Patent Application Process
A patent can provide protection of an invention to the patent holder for a period of about 20 years. A patent is a grant by the U.S. Patent and Trademark Office (USPTO) that allows the patent owner to exclude others for a limited period of time from making, using, or selling an invention or from importing it into the U.S. Likewise, a patent owner has the right to decide who may use the invention during the time period in which it is protected, or he may sell the right to the invention to someone else. Therefore, it can be quite lucrative to seek patent protection for inventions that are not necessarily intended to be manufactured or used by the inventor or company owner itself.
The first step in securing a patent is filing a patent application. The application contents are critical in defining the scope of protection should a patent be awarded on the invention, and it generally contains: the title of the invention; an indication of its technical field; background; description of the invention in clear language and enough detail that an individual with an average understanding of the field could use or reproduce the invention; drawings (if necessary to understand the parts of the invention, how the parts work together, or how the invention works overall); and the claims, which is the key information that determines the extent of protection of the invention granted by the patent office.
In general, an invention is patentable if it is (1) Novel: contains at least some new characteristic that is not known in the body of existing knowledge in its technical field; (2) Nonobvious: shows an inventive step that could not obviously be deduced by a person with average knowledge of the technical field; and (3) Patentable: meets the basic criteria for patentability.
Provisional Patent Application
A provisional patent application (PPA) is usually filed to preserve the priority date for patent protection of an invention.
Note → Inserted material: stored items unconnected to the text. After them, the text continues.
Lemma gfun_numerator (l1 l2 c : R) (phi f : R -> R) (z : C) :
  (RtoC (l1 ^ 2) * (gfun c phi f z + Cconj (gfun c phi f z))
   - RtoC (l2 ^ 2) * (gfun c phi f z - Cconj (gfun c phi f z))
   = 2 * RtoC (exp (f (Re z) + c * Im z))
       * ((l1 ^ 2 * cos (phi (Re z)))%R, (- (l2 ^ 2 * sin (phi (Re z))))%R))%C.
Proof. apply injective_projections; simpl; ring. Qed.

Lemma gfun_denominator (l1 l2 c : R) (phi f : R -> R) (z : C) :
  (RtoC (l1 ^ 2) * (gfun c phi f z + Cconj (gfun c phi f z)) ^ 2
   - RtoC (l2 ^ 2) * (gfun c phi f z - Cconj (gfun c phi f z)) ^ 2
   = 4 * RtoC (exp (f (Re z) + c * Im z)) ^ 2 * RtoC (Bfun l1 l2 phi (Re z)))%C.
Proof. apply injective_projections; unfold Bfun; simpl; ring. Qed.

Lemma wirtinger_identity_of_riccati (E B K : R) (e n h dh a : C) :
  E <> 0 -> B <> 0 -> (e * n = RtoC B + Ci * RtoC K)%C ->
  (RtoC B * dh = Ci * RtoC K * ((h - a) * (h + a)))%C ->
  (RtoC E * (/ 4 * ((h - a) * (h + a) + dh) * e)
   = 2 * (2 * RtoC E * n) / (4 * RtoC E ^ 2 * RtoC B)
     * (RtoC E * (/ 2 * (h - a) * e)) * (RtoC E * (/ 2 * ((h + a) * e))))%C.
Proof.
  intros HE HB Hen Hriccati.
  assert (HEC : RtoC E <> 0%C) by (intros H; apply HE, RtoC_inj, H).
  assert (HBC : RtoC B <> 0%C) by (intros H; apply HB, RtoC_inj, H).
  transitivity (RtoC E / 4 * e * ((e * n) * ((h - a) * (h + a))) / RtoC B)%C;
    [| field; auto].
  rewrite Hen.
  replace dh with (Ci * RtoC K * ((h - a) * (h + a)) / RtoC B)%C
    by (rewrite <- Hriccati; field; exact HBC).
  field; exact HBC.
Qed.

Lemma hopf_ratio_of_conj_product (E B : R) (e h a w : C) :
  E <> 0 -> B <> 0 -> (e * Cconj e = 1)%C ->
  ((h - a) * (Cconj h - a) = 2 * RtoC B * w)%C ->
  (RtoC E * (/ 2 * (h - a) * e) * (RtoC E * (/ 2 * (Cconj h - a) * Cconj e))
   / (4 * RtoC E ^ 2 * RtoC B) = / 8 * w)%C.
Proof.
  intros HE HB He Hh.
  assert (HEC : RtoC E <> 0%C) by (intros H; apply HE, RtoC_inj, H).
  assert (HBC : RtoC B <> 0%C) by (intros H; apply HB, RtoC_inj, H).
  transitivity ((e * Cconj e) * ((h - a) * (Cconj h - a)) / (16 * RtoC B))%C;
    [field; auto |].
  rewrite He, Hh; field; exact HBC.
Qed.

Section PhiEquation.

Variables (l1 l2 c theta : R) (phi f : R -> R).
Hypotheses (Hl : admissible_lambdas l1 l2) (HOmega : in_Omega l1 c theta)
  (Hphi : phi_solution l1 l2 c theta phi) (Hf : f_solution l1 l2 c theta phi f).

Local Notation B := (Bfun l1 l2 phi).
Local Notation D := (Defs.Dconst c theta).
Local Notation speed u := (sqrt (phi_speed2 c theta (B u))).
Local Notation K u := ((l1 ^ 2 - l2 ^ 2) * cos (phi u) * sin (phi u)).
(* (log g)_u = f' + i phi' *)
Local Notation logder u := (D * B u, speed u).
Local Notation dlogder u := (-2 * D * K u * speed u, 2 * K u * (D ^ 2 * B u - cos theta)).

Lemma phi_speed2_Bfun_pos (u : R) : 0 < phi_speed2 c theta (B u).
Proof.
  destruct (admissible_lambdas_le _ _ Hl) as [Hl2 Hl21].
  apply (phi_speed2_pos l1); [lra | exact HOmega | now apply Bfun_bounds].
Qed.

Lemma phi_speed_sq (u : R) : speed u ^ 2 = phi_speed2 c theta (B u).
Proof. apply pow2_sqrt, Rlt_le, phi_speed2_Bfun_pos. Qed.

Lemma Bfun_derive (u : R) : is_derive B u (-2 * K u * speed u).
Proof.
  destruct Hphi as [_ Hphi'].
  unfold Bfun at 1; auto_derive; [repeat split; now exists (speed u) |].
  replace (Derive (fun x : R => phi x) u) with (speed u)
    by (symmetry; now apply is_derive_unique).
  ring.
Qed.

Lemma phi_speed_derive (u : R) :
  is_derive (fun t => speed t) u (2 * K u * (D ^ 2 * B u - cos theta)).
Proof.
  assert (HQ : is_derive (fun t => phi_speed2 c theta (B t)) u
                 ((2 * cos theta - 2 * D ^ 2 * B u) * (-2 * K u * speed u))).
  { unfold phi_speed2 at 1; auto_derive; [repeat split; eexists; apply Bfun_derive |].
    replace (Derive (fun x : R => B x) u) with (-2 * K u * speed u)
      by (symmetry; apply is_derive_unique, Bfun_derive).
    ring. }
  pose proof (phi_speed2_Bfun_pos u) as Hpos.
  pose proof (sqrt_lt_R0 _ Hpos) as Hspeed.
  replace (2 * K u * (D ^ 2 * B u - cos theta))
    with ((2 * cos theta - 2 * D ^ 2 * B u) * (-2 * K u * speed u) / (2 * speed u))
    by (field; lra).
  exact (is_derive_sqrt _ _ _ HQ Hpos).
Qed.

Lemma phi_derive (u : R) : is_derive phi u (speed u).
Proof. apply Hphi. Qed.

Lemma f_derive (u : R) : is_derive f u (D * B u).
Proof. apply Hf. Qed.

Lemma logder_derive (u : R) : is_derive_C (fun t => logder t) u (dlogder u).
Proof.
  apply is_derive_C_pair; [| apply phi_speed_derive].
  replace (-2 * D * K u * speed u) with (D * (-2 * K u * speed u)) by ring.
  apply is_derive_scal, Bfun_derive.
Qed.

Lemma logder_riccati (u : R) :
  (RtoC (B u) * dlogder u
   = Ci * RtoC (K u) * ((logder u - Ci * RtoC c) * (logder u + Ci * RtoC c)))%C.
Proof.
  pose proof (f_equal (Rmult (K u)) (phi_speed_sq u)) as Hspeed.
  set (s := speed u) in *; unfold phi_speed2 in Hspeed.
  apply injective_projections; simpl; lra.
Qed.

Lemma logder_conj_product (u : R) :
  ((logder u - Ci * RtoC c) * (Cconj (logder u) - Ci * RtoC c)
   = 2 * RtoC (B u) * (cos theta, (- sin theta)%R))%C.
Proof.
  pose proof (phi_speed_sq u) as Hspeed.
  set (s := speed u) in *; unfold phi_speed2 in Hspeed.
  assert (HcD : c * D = sin theta) by (unfold Defs.Dconst; field; destruct HOmega; lra).
  apply injective_projections; simpl; nra.
Qed.

Local Notation E z := (RtoC (exp (f (Re z) + c * Im z))).

Lemma d_z_gfun (z : C) :
  (d_z (gfun c phi f) z
   = E z * (/ 2 * (logder (Re z) - Ci * RtoC c) * cis (phi (Re z))))%C.
Proof.
  change (gfun c phi f) with (exp_sep f c (fun u => cis (phi u))).
  rewrite (d_z_exp_sep _ _ _ _ _ _ (f_derive (Re z)) (is_derive_C_cis _ _ _ (phi_derive (Re z)))).
  rewrite pair_RtoC; ring.
Qed.

Lemma d_zbar_gfun :
  d_zbar (gfun c phi f) = exp_sep f c (fun u => / 2 * ((logder u + Ci * RtoC c) * cis (phi u)))%C.
Proof.
  apply functional_extensionality; intro z.
  change (gfun c phi f) with (exp_sep f c (fun u => cis (phi u))).
  rewrite (d_zbar_exp_sep _ _ _ _ _ _ (f_derive (Re z)) (is_derive_C_cis _ _ _ (phi_derive (Re z)))).
  unfold exp_sep; rewrite pair_RtoC; ring.
Qed.

Lemma d_z_conj_gfun (z : C) :
  (d_z (fun w => Cconj (gfun c phi f w)) z
   = E z * (/ 2 * (Cconj (logder (Re z)) - Ci * RtoC c) * Cconj (cis (phi (Re z)))))%C.
Proof.
  change (gfun c phi f) with (exp_sep f c (fun u => cis (phi u))).
  rewrite Cconj_exp_sep.
  rewrite (d_z_exp_sep _ _ _ _ _ _ (f_derive (Re z))
             (is_derive_C_conj _ _ _ (is_derive_C_cis _ _ _ (phi_derive (Re z))))).
  apply injective_projections; simpl; field.
Qed.

Lemma d_z_d_zbar_gfun (z : C) :
  (d_z (d_zbar (gfun c phi f)) z
   = E z * (/ 4 * ((logder (Re z) - Ci * RtoC c) * (logder (Re z) + Ci * RtoC c)
                   + dlogder (Re z)) * cis (phi (Re z))))%C.
Proof.
  pose proof (is_derive_C_mult _ _ _ _ _
    (is_derive_C_plus _ _ _ _ _ (logder_derive (Re z)) (is_derive_C_const (Ci * RtoC c) (Re z)))
    (is_derive_C_cis _ _ _ (phi_derive (Re z)))) as Hw.
  pose proof (is_derive_C_mult _ _ _ _ _ (is_derive_C_const (/ 2) (Re z)) Hw) as Hw2.
  rewrite d_zbar_gfun, (d_z_exp_sep _ _ _ _ _ _ (f_derive (Re z)) Hw2).
  rewrite !pair_RtoC; field.
Qed.

End PhiEquation.

Local Open Scope C_scope.

Theorem proposition5p3 (l1 l2 c theta : R) (phi f : R -> R) :
  admissible_lambdas l1 l2 ->
  in_Omega l1 c theta ->
  phi_solution l1 l2 c theta phi ->
  f_solution l1 l2 c theta phi f ->
  let g := gfun c phi f in
  (forall z : Complex.C,
     d_z (d_zbar g) z =
     2 * (RtoC (l1 ^ 2) * (g z + Cconj (g z)) - RtoC (l2 ^ 2) * (g z - Cconj (g z)))
     / (RtoC (l1 ^ 2) * (g z + Cconj (g z)) ^ 2
        - RtoC (l2 ^ 2) * (g z - Cconj (g z)) ^ 2)
     * d_z g z * d_zbar g z) /\
  (forall z : Complex.C,
     hopf_coeff l1 l2 g z = / 8 * (cos theta, (- sin theta)%R)).
Proof.
  intros Hl HOmega Hphi Hf g; subst g.
  assert (HB : forall u, Bfun l1 l2 phi u <> 0%R)
    by (intro u; apply Rgt_not_eq, Bfun_bounds, admissible_lambdas_le, Hl).
  assert (HE : forall z : C, exp (f (Re z) + c * Im z) <> 0%R)
    by (intro z; apply Rgt_not_eq, exp_pos).
  split; intro z.
  - rewrite (d_z_d_zbar_gfun l1 l2 c theta phi f) by assumption.
    rewrite (d_zbar_gfun l1 l2 c theta phi f), (d_z_gfun l1 l2 c theta phi f)
      by assumption.
    rewrite gfun_numerator, gfun_denominator; unfold exp_sep.
    eapply wirtinger_identity_of_riccati;
      [apply HE | apply HB | apply cis_mul_weights | now apply logder_riccati].
  - unfold hopf_coeff.
    rewrite (d_z_gfun l1 l2 c theta phi f), (d_z_conj_gfun l1 l2 c theta phi f)
      by assumption.
    rewrite gfun_denominator.
    apply hopf_ratio_of_conj_product;
      [apply HE | apply HB | apply cis_mul_conj | now apply logder_conj_product].
Qed.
PPAs are not examined for content and no patent is granted on the basis of a provisional application. Rather, the PPA starts the clock on a 12-month period in which an inventor can file a regular, nonprovisional application and claim the benefit of the filing date of the provisional application.
The benefits of filing a PPA versus a nonprovisional application at the outset depend on the stage of the invention and intentions of the inventor, but they generally include: (1) Inventor can take up to a year to assess whether the invention will sell before committing to the higher cost of filing and prosecuting a regular patent application; (2) a “Patent Pending” notice can then be used to deter others from infringing on the invention; and (3) a later nonprovisional application for the same invention can claim the benefit of the filing date of the PPA, yet the PPA is preserved in confidence while the inventor considers whether to pursue a nonprovisional application.
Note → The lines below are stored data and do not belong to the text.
Lemma conj_mul_expand (c d r : C) : c^* * r * d = 'Re c * r * 'Re d + 'Im c * r * 'Im d
  + 'i * ('Re c * r * 'Im d - 'Im c * r * 'Re d).
Proof.
have ii : 'i * 'i = -1 :> C by rewrite -expr2 sqrCi.
rewrite {1}[c]Crect {1}[d]Crect rmorphD rmorphM /= conjCi !conj_Creal ?Creal_Re ?Creal_Im //.
transitivity ('Re c * r * 'Re d + 'Im c * r * 'Im d
  + 'i * ('Re c * r * 'Im d - 'Im c * r * 'Re d) - ('i * 'i + 1) * ('Im c * r * 'Im d)).
  by ring.
by rewrite ii addNr mul0r subr0.
Qed.

(* For symmetric M, h(M, a + i b) = h(M, a) + h(M, b) with a, b the real
   and imaginary parts of u: the cross terms cancel by symmetry. *)
Lemma hf_real_split m (M : 'M[C]_m) u : M^T = M ->
  hf M u = hf M (map_mx (fun z => 'Re z) u) + hf M (map_mx (fun z => 'Im z) u).
Proof.
move=> MT; have sym i j : M j i = M i j by rewrite -{1}MT mxE.
rewrite !hfE.
transitivity (\sum_i \sum_j ('Re (u i 0) * M i j * 'Re (u j 0))
  + \sum_i \sum_j ('Im (u i 0) * M i j * 'Im (u j 0))
  + 'i * \sum_i \sum_j ('Re (u i 0) * M i j * 'Im (u j 0) - 'Im (u i 0) * M i j * 'Re (u j 0))).
  rewrite mulr_sumr -!big_split; apply: eq_bigr => i _.
  by rewrite mulr_sumr -!big_split; apply: eq_bigr => j _; rewrite conj_mul_expand.
have -> : \sum_i \sum_j ('Re (u i 0) * M i j * 'Im (u j 0) - 'Im (u i 0) * M i j * 'Re (u j 0)) = 0.
  under eq_bigr => i _ do rewrite sumrB.
  rewrite sumrB; apply/eqP; rewrite subr_eq0; apply/eqP.
  by rewrite exchange_big; apply: eq_bigr => i _; apply: eq_bigr => j _; rewrite /= sym; ring.
rewrite mulr0 addr0; congr (_ + _); apply: eq_bigr => i _; apply: eq_bigr => j _;
  by rewrite !mxE !conj_Creal ?Creal_Re ?Creal_Im.
Qed.

Lemma hf_real m (M : 'M[C]_m) (a : 'cV[C]_m) : (forall i, a i 0 \is Num.real) ->
  hf M a = (a^T *m M *m a) 0 0.
Proof.
move=> ar; rewrite /hf; congr (((_)^T *m _ *m _) 0 0).
by apply/matrixP => i j; rewrite mxE (ord1 j) conj_Creal.
Qed.

Lemma hf_posdef m (M : 'M[C]_m) u : posdef M -> u != 0 -> 0 < hf M u.
Proof.
case=> _ [MT Mpos] unz; rewrite (hf_real_split _ MT) !hf_real;
  try by move=> i; rewrite mxE ?Creal_Re ?Creal_Im.
set a := map_mx _ u; set b := map_mx _ u.
have ar i : a i 0 \is Num.real by rewrite mxE Creal_Re.
have br i : b i 0 \is Num.real by rewrite mxE Creal_Im.
have ge0 (x : 'cV[C]_m) : (forall i, x i 0 \is Num.real) -> 0 <= (x^T *m M *m x) 0 0.
  move=> xr; have [->|xnz] := eqVneq x 0; first by rewrite mulmx0 mxE.
  exact/ltW/Mpos.
have [a0|anz] := eqVneq a 0; last by apply: ltr_pwDl; [exact: Mpos | exact: ge0].
have bnz : b != 0.
  apply: contra unz => /eqP b0; apply/eqP/matrixP => i j; rewrite (ord1 j) mxE [u i 0]Crect.
  have := congr1 (fun A : 'cV[C]_m => A i 0) a0.
  have := congr1 (fun A : 'cV[C]_m => A i 0) b0.
  by rewrite !mxE => -> ->; rewrite mulr0 addr0.
by apply: ltr_wpDl; [exact: ge0 | exact: Mpos].
Qed.

Lemma hf_psd m (M : 'M[C]_m) u : possemidef M -> 0 <= hf M u.
Proof.
case=> _ [MT Mpos]; rewrite (hf_real_split _ MT) !hf_real;
  try by move=> i; rewrite mxE ?Creal_Re ?Creal_Im.
by apply: addr_ge0; apply: Mpos => i; rewrite mxE ?Creal_Re ?Creal_Im.
Qed.

Lemma hf_inv m (M : 'M[C]_m) w : M \in unitmx ->
  hf (invmx M) (M *m w) = hf ((map_mx Num.conj M)^T) w.
Proof.
move=> Mu; rewrite /hf map_mxM trmx_mul -!mulmxA (mulmxA (invmx M)) mulVmx //.
by rewrite mul1mx !mulmxA.
Qed.

Lemma Re_hf_invmx_gt0 m (M : 'M[C]_m) u : M^T = M -> M \in unitmx -> posdef (mxRe M) ->
  u != 0 -> 0 < 'Re (hf (invmx M) u).
Proof.
move=> MT Mu Mpd unz; rewrite -(mulKVmx Mu u) hf_inv // map_trmx MT hf_Re;
  last by rewrite map_trmx MT.
have -> : mxRe (map_mx Num.conj M) = mxRe M by apply/matrixP => i j; rewrite !mxE Re_conj.
apply: hf_posdef => //; apply: contra unz => /eqP w0.
by rewrite -(mulKVmx Mu u) w0 mulmx0.
Qed.

Lemma Re_hf_shunt_ge0 m (M : 'M[C]_m) u :
  M = 0 \/ (M^T = M /\ M \in unitmx /\ possemidef (mxRe M)) -> 0 <= 'Re (hf M u).
Proof.
case=> [->|[MT [_ Mp]]]; first by rewrite hf0 raddf0.
by rewrite hf_Re //; apply: hf_psd.
Qed.

Lemma hf_zext n p (S : {set 'I_n}) (M : 'M[C]_(n * p)) x :
  hf M (zext x) = hf (subblock S S M) x.
Proof.
have conj0 : map_mx Num.conj (0 : 'cV[C]_(#|~: S| * p)) = 0.
  by apply/matrixP => i j; rewrite !mxE rmorph0.
have conj_sub (S' : {set 'I_n}) (a : 'cV[C]_(n * p)) :
  subvec S' (map_mx Num.conj a) = map_mx Num.conj (subvec S' a).
  by apply/matrixP => i j; rewrite !mxE.
rewrite /hf -mulmxA (dot_split S) subvec_mul !conj_sub subvec_zext subvecC_zext.
by rewrite conj0 !mulmx0 addr0 trmx0 mul0mx [(0 : 'M_1) 0 0]mxE addr0 mulmxA.
Qed.

End HermitianForm.

Section Energy.
Variable C : numClosedFieldType.

Definition blk (m p : nat) (w : 'cV[C]_(m * p)) (i : 'I_m) : 'cV[C]_p :=
  \col_q w (mxvec_index i q) 0.

Lemma hf_blkdiag m p (F : 'I_m -> 'M[C]_p) w :
  hf (blkdiag F) w = \sum_i hf (F i) (blk w i).
Proof.
rewrite hfE sum_mxvec; apply: eq_bigr => i _; rewrite hfE; apply: eq_bigr => q _.
rewrite sum_mxvec (bigD1 i) //= [X in _ + X]big1 ?addr0.
  by apply: eq_bigr => r _; rewrite !mxE !gsplitK /= eqxx mul1r.
move=> j /negbTE ji; apply: big1 => r _.
by rewrite !mxE !gsplitK /= eq_sym ji mul0r mulr0 mul0r.
Qed.

Lemma sum_delta (W : lmodType C) m (X : 'I_m -> W) j :
  \sum_a ((a == j)%:R *: X a) = X j.
Proof.
rewrite (bigD1 j) //= eqxx scale1r [X in _ + X]big1 ?addr0 // => a /negbTE ->.
by rewrite scale0r.
Qed.

Lemma kron_mul_blk r s p (A : 'M[C]_(r, s)) (v : 'cV[C]_(s * p)) l :
  blk (kron_id p A *m v) l = \sum_a A l a *: blk v a.
Proof.
apply/matrixP => q j; rewrite (ord1 j) !mxE sum_mxvec summxE; apply: eq_bigr => a _.
rewrite (bigD1 q) //= [X in _ + X]big1 ?addr0; first by rewrite !mxE !gsplitK eqxx /= mulr1.
by move=> r' /negbTE rq; rewrite !mxE !gsplitK /= eq_sym rq mulr0 mul0r.
Qed.

Lemma conj_kron_incidence n p (L : {set 'I_n * 'I_n}) :
  map_mx Num.conj (kron_id p (incidence C L)) = kron_id p (incidence C L).
Proof. by apply/matrixP => k l; rewrite !mxE rmorphM rmorphB !rmorph_nat. Qed.

Lemma energy n p (L : {set 'I_n * 'I_n}) (Zl : 'I_n * 'I_n -> 'M[C]_p)
  (Yt : 'I_n -> 'M[C]_p) (v : 'cV[C]_(n * p)) :
  hf (admittance L Zl Yt) v =
  \sum_(l < #|L|) hf (invmx (Zl (enum_val l))) (blk v (enum_val l).1 - blk v (enum_val l).2)
  + \sum_a hf (Yt a) (blk v a).
Proof.
rewrite /admittance hfD hf_blkdiag; congr (_ + _).
set K := kron_id p (incidence C L).
have -> : hf (K^T *m blkdiag (fun l : 'I_#|L| => invmx (Zl (enum_val l))) *m K) v
  = hf (blkdiag (fun l : 'I_#|L| => invmx (Zl (enum_val l)))) (K *m v).
  by rewrite /hf map_mxM conj_kron_incidence trmx_mul !mulmxA.
rewrite hf_blkdiag; apply: eq_bigr => l _; congr hf.
rewrite kron_mul_blk; under eq_bigr => a _ do rewrite mxE scalerBl.
by rewrite sumrB !sum_delta.
Qed.

End Energy.

Lemma connected_const (T : Type) n (L : {set 'I_n * 'I_n}) (f : 'I_n -> T) :
  weakly_connected L -> (forall a b, (a, b) \in L -> f a = f b) -> forall i j, f i = f j.
Proof.
move=> conn edge i j; have /connectP [s pth ->] := conn i j.
elim: s i pth => [|c s IH] i //= /andP [/orP e pth].
by rewrite -(IH _ pth); case: e => /edge.
Qed.

Section Network.
Variables (C : numClosedFieldType) (n p : nat) (L : {set 'I_n * 'I_n}).
Variables (Zl : 'I_n * 'I_n -> 'M[C]_p) (Yt : 'I_n -> 'M[C]_p).
Hypothesis branch_ok : forall l, l \in L ->
  (Zl l)^T = Zl l /\ Zl l \in unitmx /\ posdef (mxRe (Zl l)).
Hypothesis shunt_ok : forall t, Yt t = 0 \/
  ((Yt t)^T = Yt t /\ Yt t \in unitmx /\ possemidef (mxRe (Yt t))).

Local Notation Y := (admittance L Zl Yt).

Lemma energy0_branch (v : 'cV[C]_(n * p)) : 'Re (hf Y v) = 0 ->
  forall a b, (a, b) \in L -> blk v a = blk v b.
Proof.
rewrite energy raddfD !raddf_sum.
set d := fun l : 'I_#|L| => blk v (enum_val l).1 - blk v (enum_val l).2.
have branch_ge0 (l : 'I_#|L|) : 0 <= 'Re (hf (invmx (Zl (enum_val l))) (d l)).
  have [-> | dnz] := eqVneq (d l) 0; first by rewrite hfv0 raddf0.
  have [ZT [Zu Zpd]] := branch_ok (enum_valP l).
  exact/ltW/Re_hf_invmx_gt0.
move/eqP; rewrite paddr_eq0; last 2 first.
- by apply: sumr_ge0 => l _; apply: branch_ge0.
- by apply: sumr_ge0 => a _; apply: Re_hf_shunt_ge0.
case/andP => /eqP /(psumr_eq0P (fun l _ => branch_ge0 l)) branch0 _ a b ab.
apply/eqP; rewrite -subr_eq0; apply/negPn/negP => drop_nz.
have [ZT [Zu Zpd]] := branch_ok ab.
have := branch0 (enum_rank_in ab (a, b)) isT; rewrite /d enum_rankK_in //= => /eqP.
by rewrite gt_eqF // Re_hf_invmx_gt0.
Qed.

Lemma subblock_ker0 (Z : {set 'I_n}) : weakly_connected L -> Z != setT ->
  forall x : 'cV[C]_(#|Z| * p), subblock Z Z Y *m x = 0 -> x = 0.
Proof.
move=> conn ZnT x Yx0.
pose v := zext x.
have cst : forall i j, blk v i = blk v j.
  apply: connected_const conn _; apply: energy0_branch.
  by rewrite hf_zext /hf -mulmxA Yx0 mulmx0 mxE raddf0.
have [j0 _ j0Z] : exists2 j0, j0 \in setT & j0 \notin Z by apply/subsetPn; rewrite subTset.
have j0c : j0 \in ~: Z by rewrite in_setC.
have bj0 : blk v j0 = 0.
  apply/matrixP => q c; rewrite (ord1 c) !mxE.
  have := congr1 (fun A : 'cV[C]_(#|~: Z| * p) => A (mxvec_index (enum_rank_in j0c j0) q) 0) (subvecC_zext x).
  by rewrite !mxE sidxE enum_rankK_in.
have v0 : v = 0.
  apply/matrixP => k c; rewrite (ord1 c) -(gsplitV k).
  by have := congr1 (fun A : 'cV[C]_p => A (gsplit k).2 0) (cst (gsplit k).1 j0); rewrite bj0 !mxE.
by rewrite -(subvec_zext x) -/v v0; apply/matrixP => i j; rewrite !mxE.
Qed.

End Network.

Lemma unitmx_ker0 (F : fieldType) m (A : 'M[F]_m) :
  (forall x : 'cV[F]_m, A *m x = 0 -> x = 0) -> A \in unitmx.
Proof.
move=> ker0; rewrite unitmxE unitfE -det_tr; apply/negP => /det0P [r rnz rA].
have : A *m r^T = 0 by rewrite -[A]trmxK -trmx_mul rA trmx0.
by move/ker0/(congr1 trmx); rewrite trmxK trmx0 => r0; rewrite r0 eqxx in rnz.
Qed.

Lemma schur_reduction (R : comUnitRingType) (a b k : nat)
  (A : 'M[R]_a) (B : 'M[R]_(a, b)) (D : 'M[R]_(b, a)) (E : 'M[R]_b)
  (u : 'M[R]_(a, k)) (w : 'M[R]_(b, k)) :
  A \in unitmx -> A *m u + B *m w = 0 ->
  u = - (invmx A *m B *m w) /\ D *m u + E *m w = (E - D *m invmx A *m B) *m w.
Proof.
move=> Au e.
have uE : u = - (invmx A *m B *m w).
  have -> : u = invmx A *m (A *m u) by rewrite mulKmx.
  by rewrite -[A *m u]opprK (addr0_eq e) mulmxN mulmxA.
by split=> //; rewrite uE mulmxN mulmxBl !mulmxA addrC.
Qed.

Unset Implicit Arguments.
Set Strict Implicit.

Theorem lemma1 (C : numClosedFieldType) (n p : nat) (L : {set 'I_n * 'I_n})
  (Zl : 'I_n * 'I_n -> 'M[C]_p) (Yt : 'I_n -> 'M[C]_p)
  (V I : 'cV[C]_(n * p)) (Z : {set 'I_n}) :
  weakly_connected L ->
  (forall l, l \in L ->
     (Zl l)^T = Zl l /\ Zl l \in unitmx /\ posdef (mxRe (Zl l))) ->
  (forall t, Yt t = 0 \/
     ((Yt t)^T = Yt t /\ Yt t \in unitmx /\ possemidef (mxRe (Yt t)))) ->
  I = admittance L Zl Yt *m V ->
  Z != set0 -> Z != setT ->
  subvec Z I = 0 ->
  let Y := admittance L Zl Yt in
  let YZZ := subblock Z Z Y in
  let YZc := subblock Z (~: Z) Y in
  let YcZ := subblock (~: Z) Z Y in
  let Ycc := subblock (~: Z) (~: Z) Y in
  YZZ \in unitmx /\
  subvec Z V = - (invmx YZZ *m YZc *m subvec (~: Z) V) /\
  subvec (~: Z) I = (Ycc - YcZ *m invmx YZZ *m YZc) *m subvec (~: Z) V.
Proof.
move=> conn branch_ok shunt_ok HI _ ZnT IZ0 Y YZZ YZc YcZ Ycc.
have YZZu : YZZ \in unitmx.
  by apply: unitmx_ker0; apply: subblock_ker0.
have blockZ : YZZ *m subvec Z V + YZc *m subvec (~: Z) V = 0.
  by rewrite -IZ0 HI subvec_mul.
have [VZ Ic] := schur_reduction YcZ Ycc YZZu blockZ.
split=> //; split=> //.
by rewrite -Ic HI subvec_mul setCK; apply: addrC.
Qed.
The only requirement for a PPA is that it must adequately describe how to make and use the invention. That is, a provisional patent application must include a description of how the invention works, but it is not necessary to include many of the other application parts, including claims, that are required for a nonprovisional application. A provisional patent application consists of text (the ‘specification’) and drawings that describe how to make and use your invention. This is generally a brief document written in plain English, with none of the arcane language used in regular patent applications. Likewise, drawings submitted in the PPA can be informal as long as they—in conjunction with the written statement—show how to make and use the invention.
Nonprovisional Patent Application
Unlike a provisional patent application, a nonprovisional application is the application that can result in a patent. To apply for a U.S. patent, the inventor–or the inventor’s attorney–files a nonprovisional patent application with the USPTO. To obtain a patent, the application must follow technical conventions and contain words and drawings to clearly: (1) demonstrate how to make and use the invention, (2) explain why the invention is different from all previous and similar developments (known as the prior art), and (3) precisely describe what aspects of the invention deserve the patent (the patent claims). This patent application will be examined by the USPTO, and will likely result in discussion between the applicant (or the applicant’s attorney) and the USPTO patent examiner.
If the application is eventually allowed, the applicant makes a payment for issuance and the patent is granted.